Она наконец заметила, что в доме не хватает привычного хрустящего звука, и подняла голову к часам. Ходики стояли. Стрелки почти сливались на трех часах семнадцати минутах. Она спросила неуверенно:

– Павлик, может, их уже пустить?

Он не ожидал вопроса и не нашёлся, что ответить. Он читал только о том, что часы останавливают, если в доме умирает человек. Но когда затем снова пускают часы, в книге ничего не было сказано. Может быть, их останавливают навсегда? Ведь человек умирает навсегда?

– Мы всё равно никогда не забудем это время, – сказала Аночка, глядя на стрелки.

Но Павлик опять не ответил.

– Пойди узнай, который час, – велела она.

Он убежал к соседям. Без него она толкнула маятник.

Но всё-таки она была не в силах решать все одна. Она пошла к отцу.

Парабукин сидел на дощечке, набитой на старый пень. Мефодий Силыч топтался возле него. Они, видимо, поспорили. У них было в обычае донимать друг друга каверзными рассуждениями, но они никогда не ссорились и, пожалуй, не могли друг без друга жить. Несколько лет назад они сошлись на одной ступени, Мефодий – опускаясь вниз, Парабукин – немного поднявшись: одного все чаще выгоняли из театра за пьянство, другой, после болезни, стал пить меньше и пробовал счастье на разных службах.

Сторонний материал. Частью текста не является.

(* Assume the balanced case $\beta_0=C$, $A>0$ and $\Delta=B^2-4AC<0$; set $p=-B/(2A)$, $q=\sqrt{-\Delta}/(2A)>0$. Then, with the principal branch $\arctan\in(-\pi/2,\pi/2)$ and as an identity of analytic functions for $t$ near $0$ (away from zeros of the cosine), \[ w(x,t)=\exp\bigl[(\alpha_0p+\gamma_0)t\bigr]\left[\frac{q}{\sqrt{(x-p)^2+q^2}\,\cos\bigl(Aqt+\arctan\frac{x-p}{q}\bigr)}\right]^{\alpha_0/A}. \]
   Context: Fix nonnegative integers $a,b,c,\alpha_0,\beta_0,\gamma_0$, $\alpha_k=ak+\alpha_0$, $\beta_k=bk+\beta_0$, $\gamma_k=ck+\gamma_0$; $w_{0,0}=1$, $w_{n,k}=0$ for $k<0$ or $k>n$, $w_{n+1,k}=\alpha_{k-1}w_{n,k-1}+\gamma_k w_{n,k}+\beta_k w_{n,k+1}$. $A=a$, $B=c$, $C=b$; balanced means $\beta_0=C$. $P_n(x)=\sum_k w_{n,k}x^k$, $w(x,t)=\sum_{n\ge0}P_n(x)t^n/n!$. *)

From Stdlib Require Import Reals Arith Lra.
From Coquelicot Require Export Coquelicot.
Open Scope R_scope.

(* Row n of the triangle: wrow n k = w_{n,k} (k : nat, so w_{n,k}=0 for k<0 is
   built in: the k=0 case of the recurrence omits the alpha_{-1} term).
   alpha_k = a k + al, beta_k = b k + be, gamma_k = c k + ga. *)
Fixpoint wrow (a b c al be ga : nat) (n : nat) : nat -> nat :=
  match n with
  | O => fun k => if Nat.eqb k 0 then 1%nat else 0%nat
  | S m =>
      let prev := wrow a b c al be ga m in
      fun k => match k with
      | O => (ga * prev 0%nat + be * prev 1%nat)%nat
      | S j => ((a * j + al) * prev j
                + (c * S j + ga) * prev (S j)
                + (b * S j + be) * prev (S (S j)))%nat
      end
  end.

Definition Pn (a b c al be ga n : nat) (x : R) : R :=
  sum_f_R0 (fun k => INR (wrow a b c al be ga n k) * x ^ k) n.

From Stdlib Require Import Reals Lra Lia Factorial.
From Coquelicot Require Import Coquelicot.
Open Scope R_scope.

(* With beta_0 = C the rows satisfy the differential recurrence
     P_{n+1} = (A y^2 + B y + C) P_n' + (alpha_0 y + gamma_0) P_n.
   Let phi solve phi' = A phi^2 + B phi + C with phi(0) = x, and G solve
   G' = (alpha_0 phi + gamma_0) G with G(0) = 1.  For fixed t the function
   K(s) = sum_n P_n(phi(s)) (t - s)^n / n! satisfies K' = -(alpha_0 phi + gamma_0) K,
   because the derivative of its partial sums telescopes, and K(t) = 1; hence
   K G is constant and w(x, t) = K(0) = G(t).  Completing the square,
   phi(s) = p + q tan(theta + A q s) with theta = arctan((x - p)/q), and then
   G(s) = exp((alpha_0 p + gamma_0) s) (cos theta / cos(theta + A q s))^(alpha_0/A).
   Convergence for small t comes from the crude bound |P_n(y)| <= n! K^n on a disk. *)

Lemma sum_f_R0_vanishing_tail (u : nat -> R) n N :
  (n <= N)%nat -> (forall k, (n < k)%nat -> u k = 0) -> sum_f_R0 u N = sum_f_R0 u n.
Proof.
  intros HnN Hu; induction HnN as [|N HnN IH]; [reflexivity|].
  rewrite tech5, IH, Hu by lia; ring.
Qed.

Lemma is_derive_poly (cf : nat -> R) N y :
  is_derive (fun y => sum_f_R0 (fun k => cf k * y ^ k) N) y
            (sum_f_R0 (fun k => cf k * INR k * y ^ pred k) N).
Proof.
  induction N as [|N IH].
  - apply (is_derive_ext (fun _ => cf 0%nat)); [intros; simpl; ring|].
    replace (sum_f_R0 _ 0) with 0 by (simpl; ring).
    exact (@is_derive_const R_AbsRing R_NormedModule _ y).
  - apply (is_derive_ext (fun y => sum_f_R0 (fun k => cf k * y ^ k) N + cf (S N) * y ^ S N));
      [intros; symmetry; apply tech5|].
    rewrite tech5; apply (is_derive_plus _ (fun y => cf (S N) * y ^ S N)); [exact IH|].
    replace (cf (S N) * INR (S N) * y ^ pred (S N))
      with (cf (S N) * (INR (S N) * 1 * y ^ pred (S N))) by ring.
    apply is_derive_scal, (is_derive_pow (fun y => y)).
    exact (@is_derive_id R_AbsRing y).
Qed.

Lemma Series_minus_sum_le_geom (u : nat -> R) (r : R) N :
  0 <= r < 1 -> (forall n, Rabs (u n) <= r ^ n) ->
  Rabs (Series u - sum_f_R0 u N) <= r ^ S N / (1 - r).
Proof.
  intros Hr Hu.
  assert (Hgeom : ex_series (fun n => r ^ n)) by (apply ex_series_geom; rewrite Rabs_right; lra).
  assert (Htail : forall k, Rabs (u (S N + k)%nat) <= r ^ S N * r ^ k)
    by (intros k; rewrite <- pow_add; apply Hu).
  assert (Hgeom' : ex_series (fun k => r ^ S N * r ^ k))
    by exact (@ex_series_scal_l R_AbsRing R_NormedModule _ _ Hgeom).
  assert (Hex : ex_series u)
    by exact (@ex_series_le R_AbsRing R_CompleteNormedModule _ _ Hu Hgeom).
  rewrite (Series_incr_n u (S N)) by (lia || exact Hex).
  replace (_ + _ - _) with (Series (fun k => u (S N + k)%nat)) by (simpl; ring).
  eapply Rle_trans; [apply Series_Rabs|].
  - apply (@ex_series_le R_AbsRing R_CompleteNormedModule _ (fun k => r ^ S N * r ^ k));
      [|exact Hgeom'].
    intros k; rewrite Rabs_Rabsolu; apply Htail.
  - eapply Rle_trans; [apply Series_le; [|exact Hgeom']|].
    + intros k; split; [apply Rabs_pos | apply Htail].
    + rewrite Series_scal_l, Series_geom by (rewrite Rabs_right; lra); right; field; lra.
Qed.

Lemma CVU_geom_bound (fn : nat -> R -> R) (h : R -> R) c (rho : posreal) (B : R) :
  (forall N s, Boule c rho s -> Rabs (h s - fn N s) <= B * (/2) ^ N) -> CVU fn h c rho.
Proof.
  intros Hb eps Heps.
  destruct (pow_lt_1_zero (/2) ltac:(rewrite Rabs_right; lra) (eps / (Rabs B + 1)))
    as [N HN]; [apply Rdiv_lt_0_compat; [exact Heps | pose proof (Rabs_pos B); lra]|].
  exists N; intros n s Hn Hs.
  specialize (HN n Hn); rewrite Rabs_right in HN by (apply Rle_ge, pow_le; lra).
  pose proof (Rabs_pos B); pose proof (pow_le (/2) n ltac:(lra)).
  apply Rle_lt_trans with (Rabs B * (/2) ^ n).
  - eapply Rle_trans; [apply Hb, Hs|]. apply Rmult_le_compat_r; [lra | apply RRle_abs].
  - apply Rle_lt_trans with ((Rabs B + 1) * (/2) ^ n); [nra|].
    apply Rmult_lt_reg_r with (/ (Rabs B + 1)); [apply Rinv_0_lt_compat; lra|].
    replace ((Rabs B + 1) * (/ 2) ^ n * / (Rabs B + 1)) with ((/2) ^ n) by (field; lra).
    exact HN.
Qed.

Lemma is_derive_0_eq (h : R -> R) (d t : R) :
  (forall s, Rabs s < d -> is_derive h s 0) -> Rabs t < d -> h t = h 0.
Proof.
  intros Hh Ht.
  assert (Hd : forall a b, a < b -> (forall s, a <= s <= b -> Rabs s < d) -> h b = h a).
  { intros a b Hab Hs.
    destruct (MVT_cor2 h (fun _ => 0) a b Hab) as [s [Hmvt _]]; [|lra].
    intros s Hs'; apply is_derive_Reals, Hh, Hs, Hs'. }
  apply Rabs_def2 in Ht.
  destruct (Rtotal_order t 0) as [Hlt | [-> | Hgt]].
  - symmetry; apply Hd; [exact Hlt|]; intros s Hs; apply Rabs_def1; lra.
  - reflexivity.
  - apply Hd; [exact Hgt|]; intros s Hs; apply Rabs_def1; lra.
Qed.

Lemma pow_quarter_le n : (INR n + 2) * (/4) ^ n <= 2 * (/2) ^ n.
Proof.
  induction n as [|n IH]; [simpl; lra|].
  rewrite S_INR; simpl pow.
  pose proof (pow_le (/4) n ltac:(lra)); pose proof (pos_INR n); nra.
Qed.

Lemma Rabs_tan_lt z m : - (PI / 2) < m < PI / 2 -> Rabs z < m -> Rabs (tan z) < tan m.
Proof.
  intros Hm Hz; apply Rabs_def2 in Hz; apply Rabs_def1.
  - apply tan_increasing; lra.
  - rewrite <- tan_neg; apply tan_increasing; lra.
Qed.

Lemma Rabs_affine_le al ga y r : 0 <= al -> 0 <= ga -> Rabs y <= r ->
  Rabs (al * y + ga) <= al * r + ga.
Proof.
  intros Hal Hga Hy; eapply Rle_trans; [apply Rabs_triang|].
  rewrite Rabs_mult, (Rabs_right al), (Rabs_right ga) by lra.
  pose proof (Rmult_le_compat_l al _ _ Hal Hy); lra.
Qed.

Lemma quadratic_vertex_form A B C y : 0 < A -> B ^ 2 - 4 * A * C < 0 ->
  A * y ^ 2 + B * y + C
  = A * (y - - B / (2 * A)) ^ 2 + A * (sqrt (- (B ^ 2 - 4 * A * C)) / (2 * A)) ^ 2.
Proof.
  intros HA Hdisc.
  replace ((sqrt (- (B ^ 2 - 4 * A * C)) / (2 * A)) ^ 2)
    with (sqrt (- (B ^ 2 - 4 * A * C)) * sqrt (- (B ^ 2 - 4 * A * C)) / (4 * A ^ 2))
    by (field; lra).
  rewrite sqrt_sqrt by lra; field; lra.
Qed.

Section Characteristics.

Variables (P D : nat -> R -> R) (f g phi G : R -> R) (d r K t : R).

Hypothesis P_derive : forall n y, is_derive (P n) y (D n y).
Hypothesis P_succ : forall n y, P (S n) y = f y * D n y + g y * P n y.
Hypothesis P_0 : forall y, P 0%nat y = 1.
Hypothesis P_bound : forall n y, Rabs y <= r -> Rabs (P n y) <= INR (fact n) * K ^ n.
Hypothesis g_bound : forall y, Rabs y <= r -> Rabs (g y) <= K.
Hypothesis phi_derive : forall s, Rabs s < d -> is_derive phi s (f (phi s)).
Hypothesis phi_bound : forall s, Rabs s < d -> Rabs (phi s) <= r.
Hypothesis G_derive : forall s, Rabs s < d -> is_derive G s (g (phi s) * G s).
Hypothesis K_pos : 0 < K.
Hypothesis dK_small : 8 * d * K <= 1.
Hypothesis t_small : Rabs t < d.

Let term n s := P n (phi s) * (t - s) ^ n / INR (fact n).
Let dterm n s :=
  (f (phi s) * D n (phi s) * (t - s) ^ n - INR n * P n (phi s) * (t - s) ^ pred n) / INR (fact n).
Let Ksum s := Series (fun n => term n s).

Lemma K_dist_le s : Rabs s < d -> 0 <= K * Rabs (t - s) <= /4.
Proof.
  intros Hs; pose proof (Rabs_triang t (- s)) as Htri; rewrite Rabs_Ropp in Htri.
  split; [apply Rmult_le_pos; [lra | apply Rabs_pos]|]; unfold Rminus; nra.
Qed.

Lemma scaled_P_abs_le n s m : Rabs s < d ->
  Rabs (P n (phi s)) * Rabs (t - s) ^ m / INR (fact n) <= K ^ n * Rabs (t - s) ^ m.
Proof.
  intros Hs; pose proof (INR_fact_lt_0 n); pose proof (pow_le (Rabs (t - s)) m (Rabs_pos _)).
  apply Rmult_le_reg_r with (INR (fact n)); [assumption|].
  replace (Rabs (P n (phi s)) * Rabs (t - s) ^ m / INR (fact n) * INR (fact n))
    with (Rabs (P n (phi s)) * Rabs (t - s) ^ m) by (field; lra).
  replace (K ^ n * Rabs (t - s) ^ m * INR (fact n))
    with (INR (fact n) * K ^ n * Rabs (t - s) ^ m) by ring.
  apply Rmult_le_compat_r; [assumption | apply P_bound, phi_bound, Hs].
Qed.

Lemma term_abs_le n s : Rabs s < d -> Rabs (term n s) <= (/4) ^ n.
Proof.
  intros Hs; unfold term.
  rewrite Rabs_div, Rabs_mult, <- RPow_abs, (Rabs_right (INR _))
    by (apply Rgt_not_eq, INR_fact_lt_0 || apply Rle_ge, pos_INR).
  eapply Rle_trans; [apply scaled_P_abs_le, Hs|].
  rewrite <- Rpow_mult_distr; apply pow_incr, K_dist_le, Hs.
Qed.

Lemma ex_series_term s : Rabs s < d -> ex_series (fun n => term n s).
Proof.
  intros Hs; apply (@ex_series_le R_AbsRing R_CompleteNormedModule _ (fun n => (/4) ^ n)).
  - intros n; apply term_abs_le, Hs.
  - apply ex_series_geom; rewrite Rabs_right; lra.
Qed.

Lemma Ksum_minus_sum_le s N : Rabs s < d ->
  Rabs (Ksum s - sum_f_R0 (fun n => term n s) N) <= (/4) ^ N.
Proof.
  intros Hs; eapply Rle_trans.
  - apply (Series_minus_sum_le_geom _ (/4)); [lra|]; intros n; apply term_abs_le, Hs.
  - pose proof (pow_le (/4) N ltac:(lra)); simpl; lra.
Qed.

Lemma term_derive n s : Rabs s < d -> is_derive (term n) s (dterm n s).
Proof.
  intros Hs.
  apply (is_derive_ext (fun s => / INR (fact n) * (P n (phi s) * (t - s) ^ n)));
    [intros; unfold term, Rdiv; simpl; ring|].
  replace (dterm n s)
    with (/ INR (fact n) * (f (phi s) * D n (phi s) * (t - s) ^ n
                           + P n (phi s) * (INR n * (0 - 1) * (t - s) ^ pred n)))
    by (unfold dterm, Rdiv; ring).
  apply is_derive_scal, (is_derive_mult (fun s => P n (phi s)) (fun s => (t - s) ^ n)).
  - apply (is_derive_comp (P n) phi); [apply P_derive | apply phi_derive, Hs].
  - apply (is_derive_pow (fun s => t - s)), (is_derive_minus (fun _ => t) (fun s => s)).
    + exact (@is_derive_const R_AbsRing R_NormedModule t s).
    + exact (@is_derive_id R_AbsRing s).
  - intros; apply Rmult_comm.
Qed.

Lemma partial_sum_derive N s : Rabs s < d ->
  is_derive (fun s => sum_f_R0 (fun n => term n s) N) s (sum_f_R0 (fun n => dterm n s) N).
Proof.
  intros Hs; induction N as [|N IH]; [apply term_derive, Hs|].
  apply (is_derive_plus (fun s => sum_f_R0 (fun n => term n s) N) (term (S N)));
    [exact IH | apply term_derive, Hs].
Qed.

(* Since f D_n = P_{n+1} - g P_n, the derivative of the partial sum telescopes. *)
Lemma sum_dterm N s :
  sum_f_R0 (fun n => dterm n s) N
  = - g (phi s) * sum_f_R0 (fun n => term n s) N + P (S N) (phi s) * (t - s) ^ N / INR (fact N).
Proof.
  induction N as [|N IH].
  - unfold dterm, term; simpl; rewrite P_succ; field.
  - rewrite !tech5, IH; unfold dterm, term; rewrite (P_succ (S N)).
    change (fact (S N)) with (S N * fact N)%nat; rewrite mult_INR, !S_INR; cbn [pred pow].
    pose proof (INR_fact_lt_0 N); pose proof (pos_INR N); field; lra.
Qed.

Lemma remainder_abs_le N s : Rabs s < d ->
  Rabs (P (S N) (phi s) * (t - s) ^ N / INR (fact N)) <= (INR N + 1) * K * (/4) ^ N.
Proof.
  intros Hs; pose proof (INR_fact_lt_0 N).
  rewrite Rabs_div, Rabs_mult, <- RPow_abs, (Rabs_right (INR _))
    by (apply Rgt_not_eq, INR_fact_lt_0 || apply Rle_ge, pos_INR).
  replace (Rabs (P (S N) (phi s)) * Rabs (t - s) ^ N / INR (fact N))
    with ((INR N + 1) * (Rabs (P (S N) (phi s)) * Rabs (t - s) ^ N / INR (fact (S N))))
    by (change (fact (S N)) with (S N * fact N)%nat; rewrite mult_INR, S_INR;
        field; pose proof (pos_INR N); lra).
  pose proof (pos_INR N); rewrite Rmult_assoc; apply Rmult_le_compat_l; [lra|].
  eapply Rle_trans; [apply scaled_P_abs_le, Hs|].
  rewrite <- tech_pow_Rmult, Rmult_assoc, <- Rpow_mult_distr.
  apply Rmult_le_compat_l; [lra | apply pow_incr, K_dist_le, Hs].
Qed.

Lemma partial_sum_dterm_CVU (rho : posreal) : rho = d :> R ->
  CVU (fun N s => sum_f_R0 (fun n => dterm n s) N) (fun s => - g (phi s) * Ksum s) 0 rho.
Proof.
  intros Hrho; apply (CVU_geom_bound _ _ _ _ (2 * K)); intros N s Hs.
  unfold Boule in Hs; rewrite Rminus_0_r, Hrho in Hs.
  rewrite sum_dterm.
  replace (_ - _) with (- g (phi s) * (Ksum s - sum_f_R0 (fun n => term n s) N)
                        - P (S N) (phi s) * (t - s) ^ N / INR (fact N)) by ring.
  eapply Rle_trans; [apply Rabs_triang|]; rewrite Rabs_Ropp, Rabs_mult, Rabs_Ropp.
  pose proof (remainder_abs_le N s Hs); pose proof (pow_quarter_le N).
  assert (Rabs (g (phi s)) * Rabs (Ksum s - sum_f_R0 (fun n => term n s) N) <= K * (/4) ^ N)
    by (apply Rmult_le_compat; [apply Rabs_pos | apply Rabs_pos
        | apply g_bound, phi_bound, Hs | apply Ksum_minus_sum_le, Hs]).
  nra.
Qed.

С тех пор они так и застряли на своих неудачах. Впрочем, как раз последние месяцы Тихон Платонович имел службу и тем несколько отличал себя от друга.

Он подвинулся и показал дочери, чтобы она села.

Но Аночка отказалась.

– Я только спросить тебя: может, мы дадим мамину кровать Павлику? Он вырос из своей.

– Я уж тоже думал. Тебе помочь, что ли?

– Нет, мы с Павликом, – сказала она, уходя.

Он качнул ей вслед головой.

– В мамочку, в Ольгу Ивановну. Хрупка и трепет такой в ней. Хотя и от меня есть: все чтобы по её было. Опасная кровь.